- [Task] Repeat exactly, and only, the lines of the entries below from the one with "move=> Dp; have" through the one with "left; exists (p", both ends included.
:: Supplied material ::
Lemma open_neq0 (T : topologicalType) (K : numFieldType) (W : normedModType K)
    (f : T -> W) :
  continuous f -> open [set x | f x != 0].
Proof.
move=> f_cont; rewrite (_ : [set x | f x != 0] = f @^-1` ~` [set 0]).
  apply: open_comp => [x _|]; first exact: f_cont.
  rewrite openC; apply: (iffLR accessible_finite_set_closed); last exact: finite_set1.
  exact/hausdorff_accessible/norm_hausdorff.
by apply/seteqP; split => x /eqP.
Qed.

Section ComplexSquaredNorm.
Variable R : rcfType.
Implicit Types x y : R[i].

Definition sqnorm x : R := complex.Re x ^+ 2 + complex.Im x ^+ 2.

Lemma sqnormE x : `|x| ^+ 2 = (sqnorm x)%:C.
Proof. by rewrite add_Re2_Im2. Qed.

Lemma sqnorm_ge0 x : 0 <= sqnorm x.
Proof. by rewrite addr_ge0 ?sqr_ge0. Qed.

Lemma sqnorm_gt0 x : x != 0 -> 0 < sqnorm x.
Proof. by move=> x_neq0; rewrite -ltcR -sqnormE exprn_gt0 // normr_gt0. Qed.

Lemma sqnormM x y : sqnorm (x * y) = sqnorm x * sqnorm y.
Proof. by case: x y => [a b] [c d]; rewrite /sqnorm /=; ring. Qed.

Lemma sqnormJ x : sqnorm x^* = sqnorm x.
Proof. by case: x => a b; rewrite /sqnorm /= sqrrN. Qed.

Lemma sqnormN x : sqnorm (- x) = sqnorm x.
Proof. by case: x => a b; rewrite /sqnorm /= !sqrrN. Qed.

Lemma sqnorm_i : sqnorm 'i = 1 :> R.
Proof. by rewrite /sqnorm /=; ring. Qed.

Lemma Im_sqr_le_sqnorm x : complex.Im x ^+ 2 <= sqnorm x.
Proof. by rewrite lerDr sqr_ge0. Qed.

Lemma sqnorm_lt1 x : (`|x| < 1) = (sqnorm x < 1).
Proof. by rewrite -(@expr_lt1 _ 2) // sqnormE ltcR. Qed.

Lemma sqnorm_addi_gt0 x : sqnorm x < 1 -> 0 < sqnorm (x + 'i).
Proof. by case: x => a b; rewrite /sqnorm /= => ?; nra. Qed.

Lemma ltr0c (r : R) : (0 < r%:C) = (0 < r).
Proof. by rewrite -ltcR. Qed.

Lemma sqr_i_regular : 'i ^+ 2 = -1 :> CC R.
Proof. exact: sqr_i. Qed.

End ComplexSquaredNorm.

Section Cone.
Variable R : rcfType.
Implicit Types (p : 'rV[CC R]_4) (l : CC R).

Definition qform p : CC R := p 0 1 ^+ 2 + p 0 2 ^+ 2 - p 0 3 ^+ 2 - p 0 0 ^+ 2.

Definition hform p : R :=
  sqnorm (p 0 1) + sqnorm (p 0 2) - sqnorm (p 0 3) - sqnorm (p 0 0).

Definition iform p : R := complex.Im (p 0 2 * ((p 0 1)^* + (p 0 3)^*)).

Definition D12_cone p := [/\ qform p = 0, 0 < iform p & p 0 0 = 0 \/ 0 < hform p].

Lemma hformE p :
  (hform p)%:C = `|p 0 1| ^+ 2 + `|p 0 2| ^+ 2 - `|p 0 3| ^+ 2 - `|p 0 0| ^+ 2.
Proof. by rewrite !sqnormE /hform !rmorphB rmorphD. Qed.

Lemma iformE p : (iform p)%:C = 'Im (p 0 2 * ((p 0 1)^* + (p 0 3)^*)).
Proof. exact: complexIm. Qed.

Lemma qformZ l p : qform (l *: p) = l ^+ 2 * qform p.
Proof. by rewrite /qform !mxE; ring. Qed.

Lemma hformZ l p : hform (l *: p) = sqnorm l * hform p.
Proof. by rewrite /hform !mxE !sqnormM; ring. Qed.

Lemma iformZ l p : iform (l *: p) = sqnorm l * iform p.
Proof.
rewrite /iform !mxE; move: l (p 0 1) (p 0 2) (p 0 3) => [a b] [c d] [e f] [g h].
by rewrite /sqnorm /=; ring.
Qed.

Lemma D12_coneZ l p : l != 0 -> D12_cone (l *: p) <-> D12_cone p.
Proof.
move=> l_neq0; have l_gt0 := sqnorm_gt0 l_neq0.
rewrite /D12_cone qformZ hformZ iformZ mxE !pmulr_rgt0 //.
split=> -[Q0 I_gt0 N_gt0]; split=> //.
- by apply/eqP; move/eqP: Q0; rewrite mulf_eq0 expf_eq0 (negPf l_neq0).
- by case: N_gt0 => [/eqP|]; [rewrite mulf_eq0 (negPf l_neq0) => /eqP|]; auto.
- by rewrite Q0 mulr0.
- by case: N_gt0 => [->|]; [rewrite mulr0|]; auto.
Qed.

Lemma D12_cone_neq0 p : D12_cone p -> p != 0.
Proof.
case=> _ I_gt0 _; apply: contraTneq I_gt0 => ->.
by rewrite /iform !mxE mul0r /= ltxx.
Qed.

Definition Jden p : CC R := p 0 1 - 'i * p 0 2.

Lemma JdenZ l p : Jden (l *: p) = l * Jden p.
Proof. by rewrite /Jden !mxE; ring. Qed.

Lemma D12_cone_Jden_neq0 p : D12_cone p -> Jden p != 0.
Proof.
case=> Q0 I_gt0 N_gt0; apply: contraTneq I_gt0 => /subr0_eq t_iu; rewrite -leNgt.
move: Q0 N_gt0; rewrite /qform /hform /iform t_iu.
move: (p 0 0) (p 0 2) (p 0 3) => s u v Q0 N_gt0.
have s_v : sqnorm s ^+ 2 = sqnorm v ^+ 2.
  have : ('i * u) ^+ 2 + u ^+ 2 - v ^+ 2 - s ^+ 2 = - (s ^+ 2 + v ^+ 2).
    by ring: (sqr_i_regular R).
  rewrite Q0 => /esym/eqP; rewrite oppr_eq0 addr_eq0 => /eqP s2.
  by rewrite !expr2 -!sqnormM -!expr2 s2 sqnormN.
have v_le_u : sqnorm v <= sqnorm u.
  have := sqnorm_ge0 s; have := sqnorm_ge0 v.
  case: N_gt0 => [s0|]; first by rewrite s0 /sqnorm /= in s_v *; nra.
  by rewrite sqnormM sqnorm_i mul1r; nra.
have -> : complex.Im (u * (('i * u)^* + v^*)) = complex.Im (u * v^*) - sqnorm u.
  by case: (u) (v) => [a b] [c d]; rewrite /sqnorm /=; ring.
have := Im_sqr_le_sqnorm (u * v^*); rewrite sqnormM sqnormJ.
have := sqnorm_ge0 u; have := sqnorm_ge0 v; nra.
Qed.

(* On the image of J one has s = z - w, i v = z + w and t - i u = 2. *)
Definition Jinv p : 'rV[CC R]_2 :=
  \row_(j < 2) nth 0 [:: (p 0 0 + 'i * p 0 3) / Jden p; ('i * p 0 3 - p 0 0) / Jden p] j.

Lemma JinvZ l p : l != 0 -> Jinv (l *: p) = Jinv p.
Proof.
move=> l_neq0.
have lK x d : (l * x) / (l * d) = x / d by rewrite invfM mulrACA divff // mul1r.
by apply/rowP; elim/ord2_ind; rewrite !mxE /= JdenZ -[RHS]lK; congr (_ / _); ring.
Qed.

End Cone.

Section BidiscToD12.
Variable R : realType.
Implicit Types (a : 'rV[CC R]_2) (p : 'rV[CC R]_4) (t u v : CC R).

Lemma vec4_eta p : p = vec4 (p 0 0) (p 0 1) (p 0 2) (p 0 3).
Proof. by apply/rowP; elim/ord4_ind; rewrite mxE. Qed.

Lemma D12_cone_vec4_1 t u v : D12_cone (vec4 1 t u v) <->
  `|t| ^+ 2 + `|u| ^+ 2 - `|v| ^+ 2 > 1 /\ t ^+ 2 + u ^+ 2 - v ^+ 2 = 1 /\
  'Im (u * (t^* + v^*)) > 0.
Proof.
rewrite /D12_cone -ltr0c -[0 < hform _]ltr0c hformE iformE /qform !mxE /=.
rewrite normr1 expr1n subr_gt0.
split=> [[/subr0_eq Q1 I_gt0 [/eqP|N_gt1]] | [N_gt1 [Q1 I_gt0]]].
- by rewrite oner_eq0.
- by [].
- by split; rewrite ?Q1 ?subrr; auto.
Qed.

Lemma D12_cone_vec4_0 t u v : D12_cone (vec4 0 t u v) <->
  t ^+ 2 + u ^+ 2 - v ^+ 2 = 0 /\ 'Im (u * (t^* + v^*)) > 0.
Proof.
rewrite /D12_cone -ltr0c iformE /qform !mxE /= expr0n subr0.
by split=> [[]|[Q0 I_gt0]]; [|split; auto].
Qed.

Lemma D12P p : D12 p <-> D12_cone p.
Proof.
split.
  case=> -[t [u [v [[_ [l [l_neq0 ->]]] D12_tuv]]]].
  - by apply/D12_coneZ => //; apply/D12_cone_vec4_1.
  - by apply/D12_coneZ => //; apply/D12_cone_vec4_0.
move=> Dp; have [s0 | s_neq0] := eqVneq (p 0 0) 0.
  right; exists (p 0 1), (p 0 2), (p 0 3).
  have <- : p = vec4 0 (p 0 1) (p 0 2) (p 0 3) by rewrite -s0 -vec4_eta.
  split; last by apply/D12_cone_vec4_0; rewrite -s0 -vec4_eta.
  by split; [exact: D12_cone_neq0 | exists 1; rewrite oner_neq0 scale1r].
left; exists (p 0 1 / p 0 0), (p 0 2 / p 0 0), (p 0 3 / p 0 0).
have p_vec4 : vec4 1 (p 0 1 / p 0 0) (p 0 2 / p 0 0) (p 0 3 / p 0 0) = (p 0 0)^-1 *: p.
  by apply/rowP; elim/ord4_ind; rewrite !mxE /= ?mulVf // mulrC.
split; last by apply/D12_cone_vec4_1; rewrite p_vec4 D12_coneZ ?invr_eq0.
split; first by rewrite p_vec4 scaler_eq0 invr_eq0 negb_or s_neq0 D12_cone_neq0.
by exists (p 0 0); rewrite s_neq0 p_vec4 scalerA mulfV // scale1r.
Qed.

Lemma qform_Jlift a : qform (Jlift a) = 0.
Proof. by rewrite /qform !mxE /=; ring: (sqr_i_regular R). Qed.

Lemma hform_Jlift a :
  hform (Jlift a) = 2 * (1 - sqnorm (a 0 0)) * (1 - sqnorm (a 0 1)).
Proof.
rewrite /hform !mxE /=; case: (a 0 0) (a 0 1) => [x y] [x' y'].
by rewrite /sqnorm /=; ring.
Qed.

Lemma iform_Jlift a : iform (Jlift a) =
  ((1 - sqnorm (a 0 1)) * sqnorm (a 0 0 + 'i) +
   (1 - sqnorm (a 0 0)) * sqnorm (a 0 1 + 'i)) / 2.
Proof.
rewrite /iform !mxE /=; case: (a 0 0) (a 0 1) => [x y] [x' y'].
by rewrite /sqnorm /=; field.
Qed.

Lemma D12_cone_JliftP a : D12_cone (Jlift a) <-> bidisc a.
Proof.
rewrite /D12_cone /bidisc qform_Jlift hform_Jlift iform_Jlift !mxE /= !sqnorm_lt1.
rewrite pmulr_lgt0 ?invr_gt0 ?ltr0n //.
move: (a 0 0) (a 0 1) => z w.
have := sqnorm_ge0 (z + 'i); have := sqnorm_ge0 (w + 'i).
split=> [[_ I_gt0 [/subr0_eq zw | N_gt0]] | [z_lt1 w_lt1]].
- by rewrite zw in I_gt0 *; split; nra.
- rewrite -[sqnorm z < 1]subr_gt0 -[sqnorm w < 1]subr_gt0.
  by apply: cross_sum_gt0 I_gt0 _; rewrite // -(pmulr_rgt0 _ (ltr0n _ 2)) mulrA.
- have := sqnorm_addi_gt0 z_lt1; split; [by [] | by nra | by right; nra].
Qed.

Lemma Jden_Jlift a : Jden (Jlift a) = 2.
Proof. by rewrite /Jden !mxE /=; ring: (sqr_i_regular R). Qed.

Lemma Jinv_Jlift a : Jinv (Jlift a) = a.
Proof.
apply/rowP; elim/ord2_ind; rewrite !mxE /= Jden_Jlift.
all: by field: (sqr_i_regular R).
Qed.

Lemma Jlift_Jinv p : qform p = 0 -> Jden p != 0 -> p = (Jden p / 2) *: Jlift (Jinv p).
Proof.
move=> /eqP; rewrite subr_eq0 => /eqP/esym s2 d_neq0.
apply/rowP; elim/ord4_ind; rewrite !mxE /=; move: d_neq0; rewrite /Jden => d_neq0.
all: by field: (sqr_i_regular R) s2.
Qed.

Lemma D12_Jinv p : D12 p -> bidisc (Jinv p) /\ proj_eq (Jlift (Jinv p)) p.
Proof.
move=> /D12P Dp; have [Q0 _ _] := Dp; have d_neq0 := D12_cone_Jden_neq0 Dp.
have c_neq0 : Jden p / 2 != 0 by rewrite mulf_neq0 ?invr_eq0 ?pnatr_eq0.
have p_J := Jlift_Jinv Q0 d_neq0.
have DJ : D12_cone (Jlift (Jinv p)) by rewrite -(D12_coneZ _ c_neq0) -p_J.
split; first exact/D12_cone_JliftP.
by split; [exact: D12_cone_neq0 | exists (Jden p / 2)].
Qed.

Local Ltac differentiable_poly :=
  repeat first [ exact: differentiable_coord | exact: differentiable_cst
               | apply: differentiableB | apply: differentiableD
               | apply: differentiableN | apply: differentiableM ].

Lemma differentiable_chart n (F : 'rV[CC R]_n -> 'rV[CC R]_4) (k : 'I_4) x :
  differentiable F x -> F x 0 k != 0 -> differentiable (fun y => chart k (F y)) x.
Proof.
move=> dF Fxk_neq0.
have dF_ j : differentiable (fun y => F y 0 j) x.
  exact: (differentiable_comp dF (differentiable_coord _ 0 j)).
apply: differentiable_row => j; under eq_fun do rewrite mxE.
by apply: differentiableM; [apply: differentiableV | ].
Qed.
:::
- [Solution to the exercise]
move=> Dp; have [s0 | s_neq0] := eqVneq (p 0 0) 0.
  right; exists (p 0 1), (p 0 2), (p 0 3).
  have <- : p = vec4 0 (p 0 1) (p 0 2) (p 0 3) by rewrite -s0 -vec4_eta.
  split; last by apply/D12_cone_vec4_0; rewrite -s0 -vec4_eta.
  by split; [exact: D12_cone_neq0 | exists 1; rewrite oner_neq0 scale1r].
left; exists (p 0 1 / p 0 0), (p 0 2 / p 0 0), (p 0 3 / p 0 0).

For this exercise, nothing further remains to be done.